Vice Chairperson of the National Assembly of Bulgaria
- Incumbent
- Assumed office 19 April 2017
- In office 27 October 2014 – 26 January 2017

Personal details
- Born: 10 July 1957 (age 68) Sofia, Bulgaria
- Party: United Patriots (2016-present) Attack (2005-present)
- Spouse: died in 2013
- Children: Borislav (died in 2017)
- Profession: Jurist, Politician

= Yavor Notev =

Bulgarian politician

Yavor Bozhilov Notev (Явор Божилов Нотев) is a Bulgarian politician, member of the Bulgarian political party "Ataka" (Attack). He is a deputy in the 43rd National Assembly of Bulgaria.

==Biography==
Yavor Notev was born on 10 July 1957 in Sofia.

He graduated in law from Sofia University "St. Kliment Ohridski".

He spent five years working as an investigator in the Department for the Investigation of Serious Accidents and Catastrophes.

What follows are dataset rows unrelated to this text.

Lemma norm_minus_sym (a b : V) : norm (minus a b) = norm (minus b a).
Proof. rewrite <- opp_minus. apply CNM.norm_opp. Qed.

Lemma norm_minus_le_0_eq (a b : V) : norm (minus a b) <= 0 -> a = b.
Proof.
intro H. apply plus_reg_r with (opp b). rewrite plus_opp_r.
apply CNM.norm_eq_zero, Rle_antisym; [exact H | apply norm_ge_0].
Qed.

Lemma norm_scal_R (r : R) (x : V) : norm (scal (RtoC r) x) <= Rabs r * norm x.
Proof. rewrite <- Cmod_R. apply CNM.norm_scal. Qed.

Lemma scal_RtoC_mult (a b : R) (x : V) :
  scal (RtoC a) (scal (RtoC b) x) = scal (RtoC (a * b)) x.
Proof. rewrite CNM.scal_assoc, RtoC_mult. reflexivity. Qed.

Lemma scal_RtoC_2 (x : V) : scal (RtoC 2) x = plus x x.
Proof.
replace (RtoC 2) with (RtoC 1 + RtoC 1)%C
  by (apply injective_projections; simpl; ring).
rewrite CNM.scal_distr_r, CNM.scal_one. reflexivity.
Qed.

Lemma norm_le_minus_plus (a b : V) : norm a <= norm (minus a b) + norm b.
Proof.
generalize (CNM.norm_triangle_inv a b) (Rle_abs (norm a - norm b)). lra.
Qed.

Lemma norm_minus_le (a b : V) : norm (minus a b) <= norm a + norm b.
Proof. rewrite <- (CNM.norm_opp b). apply CNM.norm_triangle. Qed.

Lemma norm_le_half_plus_self (a : V) : norm a <= / 2 * norm (plus a a).
Proof.
replace a with (scal (RtoC (/ 2)) (plus a a)) at 1.
- eapply Rle_trans; [apply norm_scal_R |]. rewrite Rabs_pos_eq; lra.
- rewrite <- scal_RtoC_2, scal_RtoC_mult.
  replace (/ 2 * 2) with 1 by field. apply CNM.scal_one.
Qed.

Lemma scal_pow2_S (n : nat) (x : V) :
  scal (RtoC (2 ^ S n)) x = scal (RtoC 2) (scal (RtoC (2 ^ n)) x).
Proof. rewrite scal_RtoC_mult. reflexivity. Qed.

Lemma norm_minus_geometric (u : nat -> V) (c L : R) :
  (forall n, norm (minus (u (S n)) (u n)) <= c * (1 - L) * L ^ n) ->
  forall n k, norm (minus (u (n + k)%nat) (u n)) <= c * (L ^ n - L ^ (n + k)).
Proof.
intros Hstep n k. induction k as [|k IH].
- rewrite Nat.add_0_r, minus_eq_zero, Rminus_diag, Rmult_0_r.
  apply Req_le, CNM.norm_zero.
- eapply Rle_trans; [apply (norm_minus_triangle _ _ (u (n + k)%nat)) |].
  rewrite Nat.add_succ_r.
  eapply Rle_trans; [apply Rplus_le_compat; [apply Hstep | apply IH] |].
  right. simpl. ring.
Qed.

Lemma norm_minus_lim_geometric (u : nat -> V) (c L : R) : 0 <= L < 1 ->
  (forall n, norm (minus (u (S n)) (u n)) <= c * (1 - L) * L ^ n) ->
  forall n, norm (minus (u n) (lim (filtermap u eventually))) <= c * L ^ n.
Proof.
intros HL Hstep.
assert (Hc : 0 <= c).
{ specialize (Hstep 0%nat). simpl in Hstep.
  generalize (norm_ge_0 (minus (u 1%nat) (u 0%nat))). nra. }
assert (Hcauchy : forall n k, norm (minus (u (n + k)%nat) (u n)) <= c * L ^ n).
{ intros n k. eapply Rle_trans; [apply (norm_minus_geometric u c L Hstep) |].
  generalize (pow_le L (n + k) ltac:(lra)). nra. }
set (F := filtermap u eventually).
assert (PF : ProperFilter F) by (apply filtermap_proper_filter, eventually_filter).
assert (CF : cauchy F).
{ intro eps. destruct (geom_eventually_lt c L eps HL (cond_pos eps)) as [N HN].
  exists (u N), N. intros m Hm. apply CNM.norm_compat1.
  replace m with (N + (m - N))%nat by lia.
  eapply Rle_lt_trans; [apply Hcauchy | exact HN]. }
intro n. apply Rle_plus_epsilon. intros eps Heps.
set (nf := @norm_factor _ (CompleteNormedModule.NormedModule C_AbsRing V)).
assert (He : 0 < eps / nf) by (apply Rdiv_lt_0_compat; [assumption | apply norm_factor_gt_0]).
destruct (complete_cauchy F PF CF (mkposreal _ He)) as [N HN].
specialize (HN (n + N)%nat ltac:(lia)).
apply CNM.norm_compat2 in HN. simpl in HN. fold nf in HN.
replace (nf * (eps / nf)) with eps in HN
  by (field; apply Rgt_not_eq, norm_factor_gt_0).
eapply Rle_trans; [apply (norm_minus_triangle _ _ (u (n + N)%nat)) |].
rewrite norm_minus_sym.
apply Rplus_le_compat; [apply Hcauchy | lra].
Qed.

End NormedFacts.

Section GroupIdentities.
Context {G : AbelianGroup}.

Lemma minus_plus_opp (a b : G) : minus a b = plus a (opp b).
Proof. reflexivity. Qed.

Lemma plus_plus_swap (a b c d : G) :
  plus (plus a b) (plus c d) = plus (plus a c) (plus b d).
Proof.
rewrite <- !plus_assoc. f_equal. rewrite !plus_assoc. f_equal. apply plus_comm.
Qed.

Lemma minus_plus_plus (a b c d : G) :
  minus (plus a b) (plus c d) = plus (minus a c) (minus b d).
Proof. rewrite !minus_plus_opp, opp_plus. apply plus_plus_swap. Qed.

Lemma polarization_identity (P Q R S : G) :
  minus (plus (plus P Q) (plus R S)) (minus (minus P Q) (minus R S))
  = plus (plus Q R) (plus Q R).
Proof.
replace (minus (minus P Q) (minus R S)) with (plus (plus P (opp Q)) (plus (opp R) S))
  by (rewrite !minus_plus_opp, opp_plus, opp_opp; reflexivity).
rewrite !minus_plus_plus, !minus_eq_zero, plus_zero_l, plus_zero_r.
rewrite !minus_plus_opp, !opp_opp. apply plus_plus_swap.
Qed.
End GroupIdentities.

Section Additive.
Context {G K : AbelianGroup} (g : G -> K).
Hypothesis g_plus : forall a b, g (plus a b) = plus (g a) (g b).

Lemma additive_zero : g zero = zero.
Proof. apply (plus_reg_l (g zero)). rewrite <- g_plus, !plus_zero_r. reflexivity. Qed.

Lemma additive_opp a : g (opp a) = opp (g a).
Proof.
apply (plus_reg_l (g a)). rewrite <- g_plus, !plus_opp_r. apply additive_zero.
Qed.

Lemma additive_minus a b : g (minus a b) = minus (g a) (g b).
Proof. rewrite !minus_plus_opp, g_plus, additive_opp. reflexivity. Qed.
End Additive.

Section UnimodularLinear.
Context {V W : CompleteNormedModule C_AbsRing} (g : V -> W).
Hypothesis g_plus : forall x y, g (plus x y) = plus (g x) (g y).
Hypothesis g_unimodular :
  forall (mu : C) x, Cmod mu = 1 -> g (scal mu x) = scal mu (g x).

Lemma additive_scal_nat (n : nat) x :
  g (scal (RtoC (INR n)) x) = scal (RtoC (INR n)) (g x).
Proof.
induction n as [|n IH].
- rewrite !CNM.scal_zero_l. exact (additive_zero g g_plus).
- replace (RtoC (INR (S n))) with (RtoC (INR n) + RtoC 1)%C
    by (rewrite S_INR; apply injective_projections; simpl; ring).
  rewrite !CNM.scal_distr_r, !CNM.scal_one, g_plus, IH. reflexivity.
Qed.

Lemma unimodular_scal_le_2 (r : R) x :
  0 <= r <= 2 -> g (scal (RtoC r) x) = scal (RtoC r) (g x).
Proof.
intro Hr.
set (q := sqrt (1 - r * r / 4)).
assert (Hq : q * q = 1 - r * r / 4) by (apply sqrt_sqrt; nra).
assert (Hmod : forall s, s * s = q * q -> Cmod (r / 2, s) = 1).
{ intros s Hs. unfold Cmod. simpl.
  replace (r / 2 * (r / 2 * 1) + s * (s * 1)) with 1 by nra. apply sqrt_1. }
replace (RtoC r) with (Cplus (r / 2, q) (r / 2, - q))
  by (apply injective_projections; simpl; field).
rewrite !CNM.scal_distr_r, g_plus, !g_unimodular by (apply Hmod; ring).
reflexivity.
Qed.

Lemma unimodular_scal_nonneg (r : R) x :
  0 <= r -> g (scal (RtoC r) x) = scal (RtoC r) (g x).
Proof.
intro Hr. destruct (nfloor_ex r Hr) as [n [_ Hn]].
assert (Hn0 := pos_INR n).
replace (RtoC r) with (Cmult (RtoC (INR (S n))) (RtoC (r / INR (S n))))
  by (rewrite S_INR; apply injective_projections; simpl; field; lra).
rewrite <- !CNM.scal_assoc, additive_scal_nat, unimodular_scal_le_2.
- reflexivity.
- rewrite S_INR. split; [apply Rdiv_le_0_compat; lra |].
  apply Rmult_le_reg_r with (INR n + 1); [lra |].
  unfold Rdiv. rewrite Rmult_assoc, Rinv_l; lra.
Qed.

Lemma unimodular_additive_linear (l : C) x : g (scal l x) = scal l (g x).
Proof.
destruct (Req_dec (Cmod l) 0) as [E | E].
- apply Cmod_eq_0 in E. subst l. rewrite !CNM.scal_zero_l. exact (additive_zero g g_plus).
- assert (Hl : 0 < Cmod l) by (generalize (Cmod_ge_0 l); lra).
  set (u := Cmult l (RtoC (/ Cmod l))).
  assert (Hu : Cmod u = 1).
  { unfold u. rewrite Cmod_mult, Cmod_R, Rabs_pos_eq; [field; lra |].
    apply Rlt_le, Rinv_0_lt_compat, Hl. }
  replace l with (Cmult (RtoC (Cmod l)) u).
  + rewrite <- !CNM.scal_assoc, unimodular_scal_nonneg, (g_unimodular u _ Hu)
      by apply Cmod_ge_0.
    reflexivity.
  + unfold u. rewrite Cmult_comm, <- Cmult_assoc, <- RtoC_mult, Rinv_l, Cmult_1_r by lra.
    reflexivity.
Qed.
End UnimodularLinear.

Lemma Ci_polarization {V : CompleteNormedModule C_AbsRing} (P Q : V) :
  plus P P = plus (plus P Q) (scal Ci (plus (scal (Cconj Ci) P : V) (scal Ci Q : V))).
Proof.
rewrite CNM.scal_distr_l, !CNM.scal_assoc.
replace (Cmult Ci (Cconj Ci)) with (RtoC 1)
  by (apply injective_projections; simpl; ring).
replace (Cmult Ci Ci) with (RtoC (-1))
  by (apply injective_projections; simpl; ring).
rewrite CNM.scal_one, CNM.scal_opp_one.
rewrite (@plus_plus_swap (CompleteNormedModule.AbelianGroup C_AbsRing V)).
rewrite plus_opp_r, plus_zero_r.
reflexivity.
Qed.

Lemma ca_norm_star (A : CStarAlgebra) (a : A) : norm (ca_star A a) = norm a.
Proof.
assert (Hle : forall b : A, norm b <= norm (ca_star A b)).
{ intro b. assert (Hc := ca_cstar A b). assert (Hm := ca_norm_mul A (ca_star A b) b).
  assert (Hb := norm_ge_0 b). assert (Hb' := norm_ge_0 (ca_star A b)).
  destruct (Req_dec (norm b) 0) as [E | E]; [lra | nra]. }
apply Rle_antisym; [| apply Hle].
rewrite <- (ca_starK A a) at 2. apply Hle.
Qed.

Section HilbertModuleFacts.
Variables (A : CStarAlgebra) (X : HilbertModule A).
Notation ip := (hm_ip X).
Notation act := (hm_act X).

Lemma hm_ip_plus_r (x y z : X) : ip x (plus y z) = plus (ip x y) (ip x z).
Proof. rewrite <- (hm_ip_star _ X (plus y z) x), hm_ipDl, ca_starD, !hm_ip_star. reflexivity. Qed.

Lemma hm_ip_scal_r (l : C) (x y : X) : ip x (scal l y) = scal (Cconj l) (ip x y).
Proof. rewrite <- (hm_ip_star _ X (scal l y) x), hm_ipZl, ca_starZ, hm_ip_star. reflexivity. Qed.

Lemma hm_ip_minus_l (x y z : X) : ip (minus x y) z = minus (ip x z) (ip y z).
Proof. apply (additive_minus (fun x => ip x z)). intros; apply hm_ipDl. Qed.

Since 1988, he was a lawyer from the Sofia college and worked on criminal cases.

He was an MP from Attack in the 41st, 42nd, vice president of the 43rd National Assembly, Deputy Chairman of the Committee on Legal Affairs, the first rotating Chairman of the Subcommittee control SIMs and a candidate for mayor of the town. Sofia in 2015, a candidate for Vice President of the Republic of Bulgaria Ataka in 2016 Bulgarian presidential election, paired with the presidential candidate of VMRO Krasimir Karakachanov. The couple received the support of the parliamentary parties of the Patriotic Front - and NFSB VMRO and Ataka.